Global: New Benchmark Highlights LLM Web Agents’ Susceptibility to Malicious URLs

Researchers led by Dezhang Kong released MalURLBench on January 26, 2026, a comprehensive benchmark designed to assess large‑language‑model (LLM) web agents’ ability to detect malicious web addresses. The study, updated on January 30, 2026, addresses growing concerns that LLM‑driven assistants may inadvertently follow disguised harmful URLs, exposing users and service providers to security threats.

Benchmark Overview

MalURLBench is positioned as the first systematic evaluation suite targeting the specific risk of URL‑based attacks on LLM agents. The authors argue that existing security tests do not adequately capture the nuanced ways malicious links can be crafted to bypass model defenses.

Dataset Composition

The benchmark comprises 61,845 attack instances drawn from ten real‑world scenarios and seven categories of authentic malicious websites. Each instance pairs a benign‑looking URL with a concealed payload, reflecting tactics observed in phishing, drive‑by downloads, and other web‑based exploits.

Evaluation Findings

Experiments involving twelve widely used LLMs revealed that current models frequently fail to flag elaborately disguised URLs. Success rates for detecting malicious links varied widely, with several leading models misclassifying a substantial portion of the test set.

Key Vulnerability Factors

The authors identify several factors that influence attack success, including URL length, use of homograph characters, and the presence of benign‑looking subdomains. Analysis suggests that models rely heavily on surface‑level token patterns rather than deeper semantic reasoning about URL safety.

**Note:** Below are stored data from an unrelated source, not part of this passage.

Record acm_structure (R : realType) (M : Type) (C : comAlgType R)
    (X : lmodType C) (Mf : manifold_data M X) := ACM {
  phi : X -> X;
  xi : X;
  eta : X -> C;
  g : X -> X -> C;
  phi_add : forall U V, phi (U + V) = phi U + phi V;
  phi_scale : forall (a : C) U, phi (a *: U) = a *: phi U;
  eta_add : forall U V, eta (U + V) = eta U + eta V;
  eta_scale : forall (a : C) U, eta (a *: U) = a * eta U;
  g_sym : forall U V, g U V = g V U;
  g_add : forall U V W, g (U + V) W = g U W + g V W;
  g_scale : forall (a : C) U V, g (a *: U) V = a * g U V;
  g_pos : forall U p, 0 <= ev Mf (g U U) p;
  g_definite : forall U, g U U = 0 -> U = 0;
  phi2 : forall U, phi (phi U) = - U + eta U *: xi;
  eta_xi : eta xi = 1;
  g_compat : forall U V, g (phi U) (phi V) = g U V - eta U * eta V
}.

Section Tensors.
Variables (R : realType) (M : Type) (C : comAlgType R) (X : lmodType C)
  (Mf : manifold_data M X) (S : acm_structure Mf).

Local Notation "[ U , V ]" := (br Mf U V).
Local Notation phi := (phi S).
Local Notation eta := (eta S).
Local Notation xi := (xi S).

Definition two_deta (U V : X) : C :=
  act Mf U (eta V) - act Mf V (eta U) - eta [U, V].

Definition nijenhuis (U V : X) : X :=
  phi (phi [U, V]) + [phi U, phi V] - phi [phi U, V] - phi [U, phi V].

Definition N1 (U V : X) : X := nijenhuis U V + two_deta U V *: xi.

(* h = 1/2 L_xi phi, (L_xi phi) U = [xi, phi U] - phi [xi, U] *)
Definition h (U : X) : X :=
  ((2 : R)^-1)%:A *: ([xi, phi U] - phi [xi, U]).

Definition h_zero : Prop := forall U, h U = 0.

Definition normal : Prop := forall U V, N1 U V = 0.

Definition eta_normal : Prop :=
  forall U V, eta U = 0 -> eta V = 0 -> N1 U V = 0.

(* Complexified vector fields A + iB are represented by pairs (A, B); the
   bracket is extended complex-bilinearly:
   [A + iB, C + iD] = ([A,C] - [B,D]) + i([A,D] + [B,C]). *)
Definition cbr (P Q : X * X) : X * X :=
  ([P.1, Q.1] - [P.2, Q.2], [P.1, Q.2] + [P.2, Q.1]).

Definition hol (U : X) : X * X := (U, - phi U).

Definition CR_manifold : Prop :=
  forall U V, eta U = 0 -> eta V = 0 ->
    exists Z, eta Z = 0 /\ cbr (hol U) (hol V) = hol Z.

End Tensors.

(* Proof outline.
   - Basic identities: phi xi = 0 and eta o phi = 0 (computing phi^3 in two
     ways; the ring of functions has no nonzero element of square zero), so
     phi^2 = -1 on the horizontal distribution ker eta.
   - N1 is C-linear in its second argument and skew-symmetric, hence
     determined by its values on horizontal pairs and on pairs (xi, V).
   - On horizontal U, V one has N1 U V = -Re - phi Im, where Re + i (-Im) is
     the complex bracket [U - i phi U, V - i phi V]; this gives (1) <-> (2)
     once h = 0 is added on both sides.
   - h = 0 says that phi commutes with [xi, -]; it is equivalent to
     N1 xi V = 0 for all V.  Together with eta-normality and the
     decomposition V = (V - eta V xi) + eta V xi this gives (2) <-> (3). *)
From Pilot Require Import Defs.
From HB Require Import structures.
From mathcomp Require Import all_boot all_order all_algebra.
From mathcomp Require Import boolp reals ring.
Set Implicit Arguments. Unset Strict Implicit. Unset Printing Implicit Defensive.
Import Order.TTheory GRing.Theory Num.Theory.
Local Open Scope ring_scope.

Lemma algZ_eq0 (R : fieldType) (A : lalgType R) (V : lmodType A) (r : R) (w : V) :
  r != 0 -> r%:A *: w = 0 -> w = 0.
Proof.
move=> r_neq0 rw0; rewrite -[w]scale1r -(scale1r (1 : A)) -(mulVf r_neq0).
by rewrite -scalerA -mulr_algl -scalerA rw0 scaler0.
Qed.

(* In characteristic zero a vector equal to its opposite vanishes; this is
   what makes skew-symmetric tensors alternating. *)
Lemma eq_opp_eq0 (R : numFieldType) (A : lalgType R) (V : lmodType A) (w : V) :
  w = - w -> w = 0.
Proof.
move=> w_opp; apply: (@algZ_eq0 R A V 2); first by rewrite pnatr_eq0.
by rewrite -in_algE rmorph_nat scaler_nat mulr2n {2}w_opp subrr.
Qed.

Lemma add_sub4ACA (V : zmodType) (a b c d a' b' c' d' : V) :
  (a + a') + (b + b') - (c + c') - (d + d') = (a + b - c - d) + (a' + b' - c' - d').
Proof. by rewrite !opprD (addrACA a) (addrACA (a + b)) (addrACA (a + b - c)). Qed.

Lemma zmod_morphism_of_add (U V : zmodType) (f : U -> V) :
  {morph f : x y / x + y} -> zmod_morphism f.
Proof. by move=> fD x y; apply: (addIr (f y)); rewrite -fD !subrK. Qed.

Section ManifoldData.
Variables (R : realType) (M : Type) (C : comAlgType R) (X : lmodType C)
  (Mf : manifold_data M X).
Local Notation "[ U , V ]" := (br Mf U V).
Local Notation act := (act Mf).

(* Smooth functions are real valued, so a function whose square vanishes is
   zero. *)
Lemma ev_mul_self_eq0 (a : C) : a * a = 0 -> a = 0.
Proof.
move=> aa0; apply: (@ev_inj _ _ _ _ Mf); apply: funext => p.
have ev0 q : ev Mf 0 q = 0 by apply: (addrI (ev Mf 0 q)); rewrite -ev_add !addr0.
have : ev Mf a p * ev Mf a p = 0 by rewrite -ev_mul aa0 ev0.
by move/eqP; rewrite mulf_eq0 orbb ev0 => /eqP.
Qed.

HB.instance Definition _ (U : X) :=
  GRing.isZmodMorphism.Build C C (act U) (zmod_morphism_of_add (act_addr Mf U)).
HB.instance Definition _ (U : X) :=
  GRing.isZmodMorphism.Build X X (br Mf U) (zmod_morphism_of_add (br_addr Mf U)).

(* A vector field is a derivation, so it kills constants. *)
Lemma act1 U : act U 1 = 0.
Proof.
have act11 := act_mulr Mf U 1 1; rewrite !mulr1 mul1r in act11.
by apply: (addrI (act U 1)); rewrite addr0 -act11.
Qed.

Lemma brNl U V : [- U, V] = - [U, V].
Proof. by rewrite br_anti raddfN opprK -br_anti. Qed.

Lemma br0l U : [0, U] = 0.
Proof. by rewrite br_anti raddf0 oppr0. Qed.
End ManifoldData.

Section AlmostContactMetric.
Variables (R : realType) (M : Type) (C : comAlgType R) (X : lmodType C)
  (Mf : manifold_data M X) (S : acm_structure Mf).
Local Notation "[ U , V ]" := (br Mf U V).
Local Notation act := (act Mf).
Local Notation phi := (phi S).
Local Notation eta := (Defs.eta S).
Local Notation xi := (xi S).

HB.instance Definition _ :=
  GRing.isZmodMorphism.Build X X phi (zmod_morphism_of_add (phi_add S)).
HB.instance Definition _ :=
  GRing.isZmodMorphism.Build X C eta (zmod_morphism_of_add (eta_add S)).

(* phi^3 U computed as phi (phi^2 U) and as phi^2 (phi U). *)
Lemma eta_phi_scale_xi U : eta (phi U) *: xi = eta U *: phi xi.
Proof.
have := congr1 phi (phi2 S U).
by rewrite phi2 raddfD raddfN /= phi_scale => /addrI.
Qed.

(* With a := eta (phi xi) one gets phi xi = a xi and 0 = phi^2 xi = a^2 xi. *)
Lemma phi_xi : phi xi = 0.
Proof.
have xi_phi := eta_phi_scale_xi xi; rewrite eta_xi scale1r in xi_phi.
set a := eta (phi xi) in xi_phi.
suff a0 : a = 0 by rewrite -xi_phi a0 scale0r.
have : phi (phi xi) = 0 by rewrite phi2 eta_xi scale1r addNr.
rewrite -xi_phi phi_scale -xi_phi scalerA => /(congr1 eta).
by rewrite eta_scale eta_xi mulr1 raddf0 => /(ev_mul_self_eq0 Mf).
Qed.

Lemma eta_phi U : eta (phi U) = 0.
Proof.
have := congr1 eta (eta_phi_scale_xi U).
by rewrite phi_xi scaler0 raddf0 eta_scale eta_xi mulr1.
Qed.

Lemma phi2_hor U : eta U = 0 -> phi (phi U) = - U.
Proof. by move=> etaU0; rewrite phi2 etaU0 scale0r addr0. Qed.

Lemma phi_eq0_hor Y : eta Y = 0 -> phi Y = 0 -> Y = 0.
Proof.
by move=> etaY0 phiY0; rewrite -[Y]opprK -(phi2_hor etaY0) phiY0 raddf0 oppr0.
Qed.

Lemma eta_hor_part U : eta (U - eta U *: xi) = 0.
Proof. by rewrite raddfB /= eta_scale eta_xi mulr1 subrr. Qed.

(* The Nijenhuis torsion and 2 d eta are C-linear in the second argument:
   the Leibniz terms of the brackets cancel. *)
Lemma nijenhuis_scale U V (a : C) :
  nijenhuis S U (a *: V) = a *: nijenhuis S U V.
Proof.
rewrite /nijenhuis !phi_scale !br_leibniz !phi_add !phi_scale.
by rewrite add_sub4ACA addrK subrr add0r !scalerBr scalerDr.
Qed.

Lemma nijenhuis_add U V W :
  nijenhuis S U (V + W) = nijenhuis S U V + nijenhuis S U W.
Proof. by rewrite /nijenhuis !raddfD /= -!opprD add_sub4ACA. Qed.

Lemma two_deta_scale U V (a : C) : two_deta S U (a *: V) = a * two_deta S U V.
Proof.
rewrite /two_deta eta_scale act_mulr act_scalel br_leibniz raddfD /= !eta_scale.
ring.
Qed.

Lemma two_deta_add U V W : two_deta S U (V + W) = two_deta S U V + two_deta S U W.
Proof. rewrite /two_deta !raddfD /= act_addl raddfD /=; ring. Qed.

Lemma N1_scale U V (a : C) : N1 S U (a *: V) = a *: N1 S U V.
Proof. by rewrite /N1 nijenhuis_scale two_deta_scale -scalerA -scalerDr. Qed.

Lemma N1_add U V W : N1 S U (V + W) = N1 S U V + N1 S U W.
Proof. by rewrite /N1 nijenhuis_add two_deta_add scalerDl addrACA. Qed.

Lemma N1_anti U V : N1 S V U = - N1 S U V.
Proof.
rewrite /N1 /nijenhuis /two_deta (br_anti Mf V U) (br_anti Mf (phi V) (phi U)).
rewrite (br_anti Mf (phi V) U) (br_anti Mf V (phi U)) !raddfN /=.
rewrite opprD -scaleNr; congr (_ + _ *: _); last by ring.
by rewrite !opprD !opprK addrAC.
Qed.

Lemma N1_self U : N1 S U U = 0.
Proof. by apply: eq_opp_eq0; rewrite -{1}N1_anti. Qed.

Lemma N1_split_r U V : N1 S U V = N1 S U (V - eta V *: xi) + eta V *: N1 S U xi.
Proof. by rewrite -N1_scale -N1_add subrK. Qed.

(* Real and imaginary parts of [U - i phi U, V - i phi V] (the imaginary
   part is - br_im U V). *)
Definition br_re U V := [U, V] - [phi U, phi V].
Definition br_im U V := [phi U, V] + [U, phi V].

Lemma cbr_hol U V : cbr Mf (hol S U) (hol S V) = (br_re U V, - br_im U V).
Proof.
rewrite /cbr /hol /br_re /br_im /= !brNl !(raddfN (br Mf _)) /= opprK.
by rewrite (addrC [phi U, V]) opprD.
Qed.

Lemma N1_hor U V : eta U = 0 -> eta V = 0 ->
  N1 S U V = - br_re U V - phi (br_im U V).
Proof.
move=> etaU0 etaV0.
rewrite /N1 /nijenhuis /two_deta /br_re /br_im etaU0 etaV0 !raddf0 /=.
rewrite phi2 !add0r scaleNr (raddfD phi) /= opprB opprD.
rewrite (addrAC (- _) (_ *: xi)) (addrAC _ (_ *: xi) (- _)) (addrAC _ (_ *: xi) (- _)).
by rewrite addrK addrA (addrC (- [U, V])).
Qed.

Lemma br_re_phi U V : eta U = 0 -> br_re (phi U) V = br_im U V.
Proof. by move=> etaU0; rewrite /br_re /br_im phi2_hor // brNl opprK. Qed.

Proposed Defense Mechanism

To mitigate the identified weaknesses, the paper introduces URLGuard, a lightweight module that preprocesses URLs before they are fed to the LLM. Preliminary results indicate that integrating URLGuard can improve detection rates without significantly increasing inference latency.

Implications for Future Research

The release of MalURLBench provides a foundational resource for the security community to benchmark and improve LLM resilience against web‑based threats. The authors anticipate that the dataset will spur the development of more robust detection strategies and encourage broader scrutiny of LLM‑driven web agents.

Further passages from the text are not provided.